Run db:migrate and your credential system should be ready to go:

account = Account.first
secret_key = account.api_secret_keys.create!
# => <Api::SecretKey:0x00000001077190f0 id: 13, token: "[FILTERED]", account_id: 2, created_at: Fri, 14 Jul 2023 16:44:52.462608000 UTC +00:00, updated_at: Fri, 14 Jul 2023 16:44:52.462608000 UTC +00:00>
secret_key.token
# => "api_secret_key_yLt4AM6S9RQK9Y1C6kYvJZ8w"

Someting to notice is the "api_secret_key" token prefix. Restable::SecureToken automatically adds this prefix by singularizing the table name. You can change the prefix by overriding the secure_token_prefix class method:

class Api::SecretKey < ApplicationRecord
  include Restable::SecureToken

  def self.secure_token_prefix
    # Generate tokens in the format "secret_key_yLt4AM6S9RQK9Y1C6kYvJZ8w"
    "secret_key"
  end
end

You can disable the prefix by having secure_token_prefix return nil.

Of course, because Api::SecretKey is just a normal Rails model, you can add whatever additional functionality you want to it, like an expires_at timestamp, a created_by attribute to track the user who generated the toke, etc. Or maybe your Account model should only have a single secret key, in which case you can specify has_one :api_secret_key instead of has_many :api_secret_keys.

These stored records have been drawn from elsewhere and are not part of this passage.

(* Let $U$ be the open unit disc in $\mathbb{R}^2$, let $E\subset U$ be open with $M:=\partial E\cap U$ a $C^{1,1}$ curve in $U$, and assume $E\setminus\{0\}=E^{sc}$. Suppose there is $x\in M\setminus\{0\}$ with $x\in H:=\{(x_1,x_2)\in U: x_2>0\}$ and $\sin\sigma(x)=-1$. Then $E$ is not convex.
   Context: For measurable $E\subset U$ and $\tau\in(0,1)$, $L_E(\tau)=\mathscr{H}^1(E\cap\mathbb{S}^1_\tau)$ with $\mathbb{S}^1_\tau$ the centred circle of radius $\tau$; $p(E)=\{\tau: L_E(\tau)>0\}$; $E^{sc}=\bigcup_{\tau\in p(E)}C(\tau,\alpha_\tau)$ where $C(\tau,\alpha)=\{y\in\mathbb{S}^1_\tau:\langle y,e_1\rangle>\tau\cos\alpha\}$ for $\alpha<\pi$, $C(\tau,\pi)=\mathbb{S}^1_\tau$, and $2\alpha_\tau\tau=L_E(\tau)$. For $p\in M$, $n(p)$ is the inner unit normal to $E$ and $t(p)$ is the unit tangent chosen so that $\{t(p),n(p)\}$ is a positively oriented basis of $\mathbb{R}^2$; for $p\neq0$, $\sigma(p)$ is the angle measured anticlockwise from the position vector $p$ to $t(p)$ (defined modulo $2\pi$). *)

From Stdlib Require Import Reals Lra List ClassicalEpsilon.
Open Scope R_scope.

Definition pt : Type := (R * R)%type.

Definition padd (p q : pt) : pt := (fst p + fst q, snd p + snd q).
Definition psub (p q : pt) : pt := (fst p - fst q, snd p - snd q).
Definition pscal (s : R) (p : pt) : pt := (s * fst p, s * snd p).
Definition dot (p q : pt) : R := fst p * fst q + snd p * snd q.
Definition pnorm (p : pt) : R := sqrt (dot p p).
Definition dist (p q : pt) : R := pnorm (psub p q).

Definition inU (p : pt) : Prop := pnorm p < 1.

Definition open2 (E : pt -> Prop) : Prop :=
  forall p, E p -> exists r, 0 < r /\ forall q, dist p q < r -> E q.

Definition boundary (E : pt -> Prop) (p : pt) : Prop :=
  (forall eps, 0 < eps -> exists q, E q /\ dist p q < eps) /\
  (forall eps, 0 < eps -> exists q, ~ E q /\ dist p q < eps).

Definition bdryU (E : pt -> Prop) (p : pt) : Prop := boundary E p /\ inU p.

(* M is a C^{1,1} curve: locally (after a rotation) the graph of a C^1
   function with Lipschitz derivative *)
Definition C11_curve (M : pt -> Prop) : Prop :=
  forall p, M p ->
    exists r theta (f f' : R -> R),
      0 < r /\ f 0 = 0 /\
      (forall s, derivable_pt_lim f s (f' s)) /\
      (exists K, forall a b, Rabs (f' a - f' b) <= K * Rabs (a - b)) /\
      forall q, dist p q < r ->
        (M q <-> exists s,
            q = padd p (padd (pscal s (cos theta, sin theta))
                             (pscal (f s) (- sin theta, cos theta)))).

Definition circ (tau t : R) : pt := (tau * cos t, tau * sin t).

Fixpoint intervals_in (A : R -> Prop) (lo : R) (l : list (R * R)) : Prop :=
  match l with
  | nil => True
  | (a, b) :: l' =>
      lo < a /\ a < b /\ b <= PI /\
      (forall t, a <= t <= b -> A t) /\ intervals_in A b l'
  end.

Fixpoint total_length (l : list (R * R)) : R :=
  match l with
  | nil => 0
  | (a, b) :: l' => (b - a) + total_length l'
  end.

Definition angle_set (E : pt -> Prop) (tau t : R) : Prop :=
  - PI < t <= PI /\ E (circ tau t).

Definition arc_sums (E : pt -> Prop) (tau : R) (x : R) : Prop :=
  exists l, intervals_in (angle_set E tau) (- PI) l /\
            x = tau * total_length l.

(* L_E(tau) = H^1(E ∩ S^1_tau), for open E computed by inner regularity as
   the supremum of lengths of finite unions of disjoint closed arcs in E *)
Definition L_E (E : pt -> Prop) (tau : R) : R :=
  epsilon (inhabits 0) (fun m => is_lub (arc_sums E tau) m).

Definition pE (E : pt -> Prop) (tau : R) : Prop :=
  0 < tau < 1 /\ L_E E tau > 0.

Definition alpha_E (E : pt -> Prop) (tau : R) : R := L_E E tau / (2 * tau).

You can also create as many credential model types as you need. For example, if you want to dispatch signed webhooks you could create a Webhook::Signature model using the same Restable::SecureToken approach.

Installation

Add this line to your application's Gemfile:

gem "restable"

And then execute:

$ bundle

Or install it yourself as:

$ gem install restable

Contributing

Contributions are welcome.

License

The gem is available as open source under the terms of the MIT License.